Assignment → Search the records below for "Local" and copy every line it turns up in.

====== Data supplied ======

(* Let $c>0$, $f_s>0$, let $M,N,K\geq 1$ be integers, set $T_{\max}=(N-1)/f_s$, and let $\bm{r}^{\mathrm{mic}}_1,\dots,\bm{r}^{\mathrm{mic}}_M\in\mathbb{R}^3$ be microphone positions with $E_M=\{\bm{r}^{\mathrm{mic}}_m: 1\le m\le M\}$. Let $\kappa:\mathbb{R}\to\mathbb{R}$ be continuous with $\kappa(0)>0$ and $\lim_{|t|\to+\infty}\kappa(t)=0$. Let $\bm{x}=(x_{m,n})_{1\le m\le M,\,0\le n\le N-1}\in\mathbb{R}^{MN}$, and assume that $\Gamma^K$ is amplitude lower-bounded with constant $C>0$. Define $$\phi=\inf_{t>0}\sum_{n=0}^{N-1}\frac{\kappa(n/f_s)\,\kappa(n/f_s-t)}{4\pi c t},\qquad \mu_m=\sum_{n=0}^{N-1}x_{m,n}\kappa(n/f_s)\quad(1\le m\le M).$$ Then the problem $$\inf_{(\bm{a},\bm{r})\in\mathbb{R}_+^K\times\mathscr{C}^K} T(\bm{a},\bm{r}),\qquad T(\bm{a},\bm{r})=\frac12\Big\|\bm{x}-\sum_{k=1}^K a_k\gamma(\bm{r}_k)\Big\|_2^2,$$ has a solution (i.e. the infimum is attained) whenever one of the following holds: (i) $\phi<0$ and $\mu_m\le \frac{2}{C}\phi\|\bm{x}\|_2$ for all $m\in\{1,\dots,M\}$; (ii) $\phi\ge 0$ and $\mu_m\le 0$ for all $m\in\{1,\dots,M\}$.
   Context: $\mathbb{R}_+=[0,+\infty)$ and $\|\cdot\|_2$ is the Euclidean norm. For $\bm{r}\in\mathbb{R}^3\setminus E_M$, $\gamma(\bm{r})\in\mathbb{R}^{MN}$ has components $\gamma_{m,n}(\bm{r})=\dfrac{\kappa\big(n/f_s-\|\bm{r}-\bm{r}^{\mathrm{mic}}_m\|_2/c\big)}{4\pi\|\bm{r}-\bm{r}^{\mathrm{mic}}_m\|_2}$ for $1\le m\le M$, $0\le n\le N-1$. The set $\mathscr{C}=\bigcap_{m=1}^M\overline{B(\bm{r}^{\mathrm{mic}}_m,cT_{\max})}\setminus E_M$ (closed Euclidean balls). For $\bm{a}=(a_k)\in\mathbb{R}_+^K$ and $\bm{r}=(\bm{r}_k)\in\mathscr{C}^K$, $\Gamma^K(\bm{a},\bm{r})=\sum_{k=1}^K a_k\gamma(\bm{r}_k)$. $\Gamma^K$ is called amplitude lower-bounded with constant $C>0$ if $\|\Gamma^K(\bm{a},\bm{r})\|_2\ge C\sum_{k=1}^K a_k$ for all $(\bm{a},\bm{r})\in\mathbb{R}_+^K\times\mathscr{C}^K$. *)

From HB Require Import structures.
From mathcomp Require Import all_boot all_order all_algebra.
From mathcomp Require Import all_classical all_reals all_analysis.
Import Order.TTheory GRing.Theory Num.Theory.
Import numFieldNormedType.Exports.
Local Open Scope classical_set_scope.
Local Open Scope ring_scope.

Section Defs.
Variable R : realType.

Definition pt3 := 'I_3 -> R.

Definition dist3 (u v : pt3) : R := Num.sqrt (\sum_(i < 3) (u i - v i) ^+ 2).

Definition norm2 (M N : nat) (y : 'I_M -> 'I_N -> R) : R :=
  Num.sqrt (\sum_(m < M) \sum_(n < N) (y m n) ^+ 2).

Definition gamma (M N : nat) (c fs : R) (kappa : R -> R) (mic : 'I_M -> pt3)
    (r : pt3) : 'I_M -> 'I_N -> R :=
  fun m n => kappa (n%:R / fs - dist3 r (mic m) / c) / (4 * pi * dist3 r (mic m)).

Definition Tmax (N : nat) (fs : R) : R := (N%:R - 1) / fs.

Definition inC (M N : nat) (c fs : R) (mic : 'I_M -> pt3) (r : pt3) : Prop :=
  (forall m : 'I_M, dist3 r (mic m) <= c * Tmax N fs) /\
  (forall m : 'I_M, r <> mic m).

Definition GammaK (M N K : nat) (c fs : R) (kappa : R -> R)
    (mic : 'I_M -> pt3) (a : 'I_K -> R) (r : 'I_K -> pt3) : 'I_M -> 'I_N -> R :=
  fun m n => \sum_(k < K) a k * gamma M N c fs kappa mic (r k) m n.

Definition amplitude_lower_bounded (M N K : nat) (c fs : R) (kappa : R -> R)
    (mic : 'I_M -> pt3) (C : R) : Prop :=
  forall (a : 'I_K -> R) (r : 'I_K -> pt3),
    (forall k, 0 <= a k) -> (forall k, inC M N c fs mic (r k)) ->
    C * (\sum_(k < K) a k) <= norm2 M N (GammaK M N K c fs kappa mic a r).

Definition objT (M N K : nat) (c fs : R) (kappa : R -> R) (mic : 'I_M -> pt3)
    (x : 'I_M -> 'I_N -> R) (a : 'I_K -> R) (r : 'I_K -> pt3) : R :=
  2^-1 * (norm2 M N (fun m n => x m n - GammaK M N K c fs kappa mic a r m n)) ^+ 2.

======

Written response →
Local Open Scope classical_set_scope.
Local Open Scope ring_scope.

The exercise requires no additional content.